You now know what the algorithm should do. Time to figure out how to do it.
- Don’t reinvent the wheel: Spending a few hours of research is always worth it. Even where there is no pre-existing algorithm that fits your given problem, you can often tailor a more general purpose algorithm to your needs. Most of the algorithms we have written in the past have started with a more widely known algorithm, which has then been modified to handle our specific domain. This not only saves time, but is also likely to lead to a more reliable and maintainable solution. It’s also worth considering machine learning, where a lot of recent improvements have made it viable for non-experts to integrate third-party products into production software. We saw a great talk at the GOTO Conference 2017 which demonstrated using TensorFlow & Google Cloud
- ‘Rubber Duck’ the Solution: Get one or two other software developers (the more critical the better!) and talk them through your intended solution. This will often identify design flaws in the algorithm, which is an order of magnitude simpler to fix at this stage than after you have written the code. Also, as the algorithm is likely to need bug fixes and updates in years to come, at least you won’t be the only one able to understand it.
- Documentation: The users of the system often want to understand what the algorithm is doing at a conceptual level (and why wouldn’t they – how can they trust the results if they can’t understand it?), so it’s worth spending a bit of time documenting it (in addition to code level documentation). If you can’t write a simple 2-3 paragraph description (perhaps with a few diagrams) you are going to cause yourself a lot of pain.
Focus on writing an algorithm that provides the correct answer. Then refactor it to improve maintainability – your automated tests should make this safe and easy. Only then should you consider optimisation.

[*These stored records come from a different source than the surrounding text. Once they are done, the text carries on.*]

Section Run.
Variables (sq : nat -> node) (m : nat -> nat).
Hypothesis sq0_ok : node_ok (sq 0).
Hypothesis sq_step : forall k, sq (S k) = child (sq k) (m k).

Lemma run_ok k : node_ok (sq k).
Proof. induction k; [exact sq0_ok|]. rewrite sq_step. now apply child_ok. Qed.

Lemma run_leaf_antitone k k' p : k <= k' -> node_leaf (sq k') p -> node_leaf (sq k) p.
Proof.
  intros H. induction H; [auto|]. intros Hp. apply IHle. rewrite sq_step in Hp.
  exact (child_leaf_sub Hp).
Qed.

Lemma run_pairs_fruit K : (forall k, K <= k -> (exists x u w v, sq k = Pair x u w v) /\ m k = 0) ->
  exists y, ~ C y /\ (forall k, node_leaf (sq k) y) /\
    forall y', ~ C y' -> (forall k, node_leaf (sq k) y') -> y' = y.
Proof.
  intros HK. destruct (HK K (le_n _)) as [[x [u [w [v EK]]]] _].
  assert (OK := run_ok K). rewrite EK in OK. destruct OK as [Hx [Hw [_ Hxw]]].
  assert (Hj : forall j, sq (K + 2 * j) = Pair x (follow x u j) w (follow w v j)).
  { induction j; [now rewrite Nat.add_0_r|].
    replace (K + 2 * S j) with (S (S (K + 2 * j))) by lia.
    rewrite sq_step, (proj2 (HK (S (K + 2 * j)) ltac:(lia))).
    rewrite sq_step, (proj2 (HK (K + 2 * j) ltac:(lia))), IHj. reflexivity. }
  assert (Hin : forall y, (forall k, node_leaf (sq k) y) <-> y = x \/ y = w).
  { intros y. split.
    - intros H. assert (H' : forall j, L (follow x u j) y \/ L (follow w v j) y)
        by (intros j; specialize (H (K + 2 * j)); now rewrite Hj in H).
      destruct (chain_union (follow_chain x u) (follow_chain w v) H') as [A|A];
        [left; now apply (follow_fruit y Hx) | right; now apply (follow_fruit y Hw)].
    - intros Hy k. apply (run_leaf_antitone (k' := K + 2 * k)); [lia|].
      rewrite Hj. destruct Hy as [-> | ->]; [left|right]; now apply follow_leaf. }
  destruct Hxw as [[Cx Cw]|[Cx Cw]]; [exists w | exists x];
    (split; [assumption | split; [apply Hin; auto|]]);
    intros y' Hy' H; apply Hin in H as [-> | ->]; tauto.
Qed.

Lemma run_cyl_sprefix k k' u u' : k < k' -> sq k = Cyl u -> sq k' = Cyl u' -> sprefix u u'.
Proof.
  intros Hk E E'.
  assert (Sub : forall p, L u' p -> node_leaf (child (Cyl u) (m k)) p).
  { intros p P. rewrite <- E, <- sq_step. apply (run_leaf_antitone (k' := k')); [lia|].
    now rewrite E'. }
  destruct (leaf_nonempty HL u') as [q Hq].
  assert (Huq : L u q) by exact (child_leaf_sub (Sub q Hq)).
  assert (Hnot : ~ is_prefix u' u).
  { intros P. destruct (node_leaf_nonempty (child (Cyl u) (S (m k)))) as [p Hp].
    refine (child_leaf_disjoint (s := Cyl u) (n := S (m k)) (n' := m k) I _ Hp _); [lia|].
    apply Sub, (leaf_prefix HL P), (child_leaf_sub Hp). }
  destruct (leaf_comparable HL Huq Hq) as [P|P]; [|contradiction].
  destruct (is_prefix_cases P) as [<-|]; [exfalso; apply Hnot, is_prefix_refl | assumption].
Qed.

Section Cylinders.
Hypothesis cyl_often : forall K, exists k, K <= k /\ exists u, sq k = Cyl u.

Lemma run_cyl_limit : exists r, forall y, (forall k, node_leaf (sq k) y) <-> y = r.
Proof.
  set (P u := exists k, sq k = Cyl u).
  assert (Hcmp : forall a b, P a -> P b -> is_prefix a b \/ is_prefix b a).
  { intros a b [k Ea] [k' Eb].
    destruct (Nat.lt_trichotomy k k') as [H|[<-|H]].
    - left. exact (sprefix_is_prefix (run_cyl_sprefix H Ea Eb)).
    - rewrite Ea in Eb. injection Eb as ->. left. apply is_prefix_refl.
    - right. exact (sprefix_is_prefix (run_cyl_sprefix H Eb Ea)). }
  assert (Hlong : forall j, exists a, P a /\ j <= length a).
  { induction j as [|j [a [[k Ea] Hj]]].
    - destruct (cyl_often 0) as [k [_ [a Ea]]]. exists a. split; [now exists k | lia].
    - destruct (cyl_often (S k)) as [k' [Hk' [a' Ea']]]. exists a'. split; [now exists k'|].
      assert (H := sprefix_length (run_cyl_sprefix Hk' Ea Ea')). lia. }
  destruct (chain_of_comparable Hcmp Hlong) as [s [Hs [Hbelow Habove]]].
  destruct (leaf_chain HL Hs) as [r Hr]. exists r. intros y. rewrite <- Hr. split.
  - intros H j. destruct (Hbelow j) as [a [[k Ea] Hja]].
    specialize (H k). rewrite Ea in H. exact (leaf_prefix HL Hja H).
  - intros H k. destruct (cyl_often k) as [k' [Hk [a Ea]]].
    apply (run_leaf_antitone Hk). rewrite Ea, (Habove a); [apply H | now exists k'].
Qed.

Lemma run_cyl_excludes k k' u u' : k < k' -> sq k = Cyl u -> meets_C u -> sq k' = Cyl u' ->
  ~ L u' (least_C u).
Proof.
  intros Hk E h E'.
  assert (Hex : forall d, excludes (least_C u) (sq (S k + d))).
  { induction d.
    - rewrite Nat.add_0_r, sq_step, E. now apply excludes_least_C.
    - rewrite Nat.add_succ_r, sq_step. apply excludes_child; [apply run_ok | exact IHd]. }
  destruct (Hex (k' - S k)) as [Hc|[x [u1 [w [v [Ep _]]]]]];
    replace (S k + (k' - S k)) with k' in * by lia; rewrite E' in *; [exact Hc | discriminate].
Qed.

Lemma run_cyl_outside_C r : (forall k, node_leaf (sq k) r) -> ~ C r.
Proof.
  intros Hr Cr.
  assert (Hmeets : forall k u, sq k = Cyl u -> meets_C u).
  { intros k u E. exists r. split; [exact Cr|]. specialize (Hr k). now rewrite E in Hr. }
  assert (Hincr : forall k k' u u', k < k' -> sq k = Cyl u -> sq k' = Cyl u' ->
            f (least_C u) < f (least_C u')).
  { intros k k' u u' Hk E E'.
    destruct (least_C_spec (Hmeets _ _ E)) as [Cc [_ Hmin]].
    destruct (least_C_spec (Hmeets _ _ E')) as [Cc' [Lc' _]].
    assert (Hle : f (least_C u) <= f (least_C u'))
      by exact (Hmin _ Cc' (leaf_prefix HL (sprefix_is_prefix (run_cyl_sprefix Hk E E')) Lc')).
    assert (Hne : least_C u <> least_C u').
    { intros Eq. apply (run_cyl_excludes Hk E (Hmeets _ _ E) E'). now rewrite Eq. }
    assert (f (least_C u) <> f (least_C u')) by (intros Ef; exact (Hne (f_inj Cc Cc' Ef))).
    lia. }
  assert (Hgrow : forall N, exists k u, sq k = Cyl u /\ N <= f (least_C u)).
  { induction N as [|N [k [u [E HN]]]].
    - destruct (cyl_often 0) as [k [_ [u E]]]. exists k, u. split; [exact E | lia].
    - destruct (cyl_often (S k)) as [k' [Hk' [u' E']]]. exists k', u'. split; [exact E'|].
      specialize (Hincr _ _ _ _ Hk' E E'). lia. }
  destruct (Hgrow (S (f r))) as [k [u [E HN]]].
  destruct (least_C_spec (Hmeets _ _ E)) as [_ [_ Hmin]].
  assert (Lr : L u r) by (specialize (Hr k); now rewrite E in Hr).
  specialize (Hmin r Cr Lr). lia.
Qed.

End Cylinders.

Lemma run_fruit : exists y, ~ C y /\ (forall k, node_leaf (sq k) y) /\
  forall y', ~ C y' -> (forall k, node_leaf (sq k) y') -> y' = y.
Proof.
  destruct (classic (exists K, forall k, K <= k -> (exists x u w v, sq k = Pair x u w v) /\ m k = 0))
    as [[K HK]|Hnot]; [exact (run_pairs_fruit HK)|].
  assert (Hoften : forall K, exists k, K <= k /\ exists u, sq k = Cyl u).
  { intros K. apply not_ex_all_not with (n := K) in Hnot.
    apply not_all_ex_not in Hnot as [k Hk]. apply imply_to_and in Hk as [HKk Hk].
    destruct (sq k) as [u|x u w v] eqn:E; [exists k; eauto|].
    exists (S k). split; [lia|]. rewrite sq_step, E.
    destruct (m k) as [|n]; [exfalso; apply Hk; split; eauto | simpl; eauto]. }
  destruct (run_cyl_limit Hoften) as [r Hr].
  assert (Hrin : forall k, node_leaf (sq k) r) by now apply Hr.
  exists r. split; [exact (run_cyl_outside_C Hoften Hrin)|]. split; [exact Hrin|].
  intros y' _ H. now apply Hr.
Qed.

End Run.

Definition compl_leaf (z : list nat) (y : compl_sub C) : Prop := node_leaf (node_at z) (proj1_sig y).

Lemma list_pi_tree_compl : is_topology opn -> list_pi_tree (@subspace_open X opn C) compl_leaf.
Proof.
  intros Htop. split.
  - intros y. apply (leaf_root HL).
  - intros z. unfold subspace_open, compl_leaf.
    destruct (node_at z) as [u|x u w v]; simpl.
    + exists (L u). split; [apply (leaf_open HL) | tauto].
    + destruct (open_union2 Htop (leaf_open HL u) (leaf_open HL v)) as [U [HU HUe]].
      exists U. split; [exact HU|]. intros y. now rewrite HUe.
  - intros z y. unfold compl_leaf. split.
    + intros H. destruct (child_leaf_cover H) as [n Hn]. exists n. now rewrite node_at_snoc.
    + intros [n Hn]. rewrite node_at_snoc in Hn. exact (child_leaf_sub Hn).
  - intros z n n' y Hn. unfold compl_leaf. rewrite !node_at_snoc.
    exact (child_leaf_disjoint (node_at_ok z) Hn).
  - intros s Hs. destruct (choice _ Hs) as [m Hm].
    destruct (run_fruit (sq := fun k => node_at (s k)) (m := m)) as [y [Cy [Hy Huniq]]].
    + apply node_at_ok.
    + intros k. simpl. now rewrite Hm, node_at_snoc.
    + exists (exist _ y Cy). intros [q Cq]. unfold compl_leaf. simpl. split.
      * intros H. assert (q = y) as -> by now apply Huniq. f_equal. apply proof_irrelevance.
      * intros E. injection E as ->. exact Hy.
  - intros [p Cp] W [U [HU HWU]] Wp. apply HWU in Wp. simpl in Wp.
    destruct (leaf_grows HL HU Wp) as [u [Hu [N HN]]].
    destruct (node_at_centered Hu) as [z [Hz Hc]].
    exists z. split; [exact Hz|]. exists (S N). intros [|n] Hn q Hq; [lia|].
    apply HWU. unfold compl_leaf in Hq. rewrite node_at_snoc in Hq.
    destruct (centered_child n Hc) as [d [Hd Hdq]].
    exact (HN d ltac:(lia) _ (Hdq _ Hq)).
Qed.

End Complement.

Theorem mainTheorem2 (X : Type) (opn : (X -> Prop) -> Prop) (C : X -> Prop) :
  is_topology opn -> at_most_countable C -> has_pi_tree opn ->
  @has_pi_tree (compl_sub C) (@subspace_open X opn C).
Proof.
  intros Htop [f Hf] Hpi.
  destruct (list_pi_tree_of_has_pi_tree Hpi) as [L HL].
  exists (list nat), sprefix, (compl_leaf f HL).
  apply pi_tree_of_list_pi_tree, (list_pi_tree_compl Hf HL Htop).
Qed.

As Donald Knuth said:
We should forget about small efficiencies, say about 97% of the time: premature optimization is the root of all evil
Or from Michael A. Jackson in Principles of Program Design:
Rules of Optimization:
Rule 1: Don’t do it.
Rule 2 (for experts only): Don’t do it yet.
In some domains performance is not just a nice to have, but an essential requirement – for instance, in a crash detection system in a car. Before diving into development, ask the required performance: does it need to provide an answer within 10ms, 1 second, 10 seconds, sometime in the next day? This will set some constraints on the implementation.
Before you start optimising, make sure you profile the code. It will help you focus on the parts of the algorithm that are causing the biggest performance bottlenecks. It will also tell you if your optimisations are working. Compilers are pretty smart these days, and sometimes they will be doing the optimisation behind the scenes anyway.
Keep It Simple
Saving the best advice to last: keep it simple! You must be able to reason about how the algorithm is working on a specific data input, otherwise you will never be able to debug it. We have found that an algorithm will grow in complexity over time as each new edge case is found and handled. It’s important that these are not just ‘hacked’ in, but given careful consideration how they integrate with the core algorithm. Where necessary, break the algorithm down into separate stages with well-defined intent and boundaries. This keeps it simple to understand and gives easy points for inspection to help with debugging.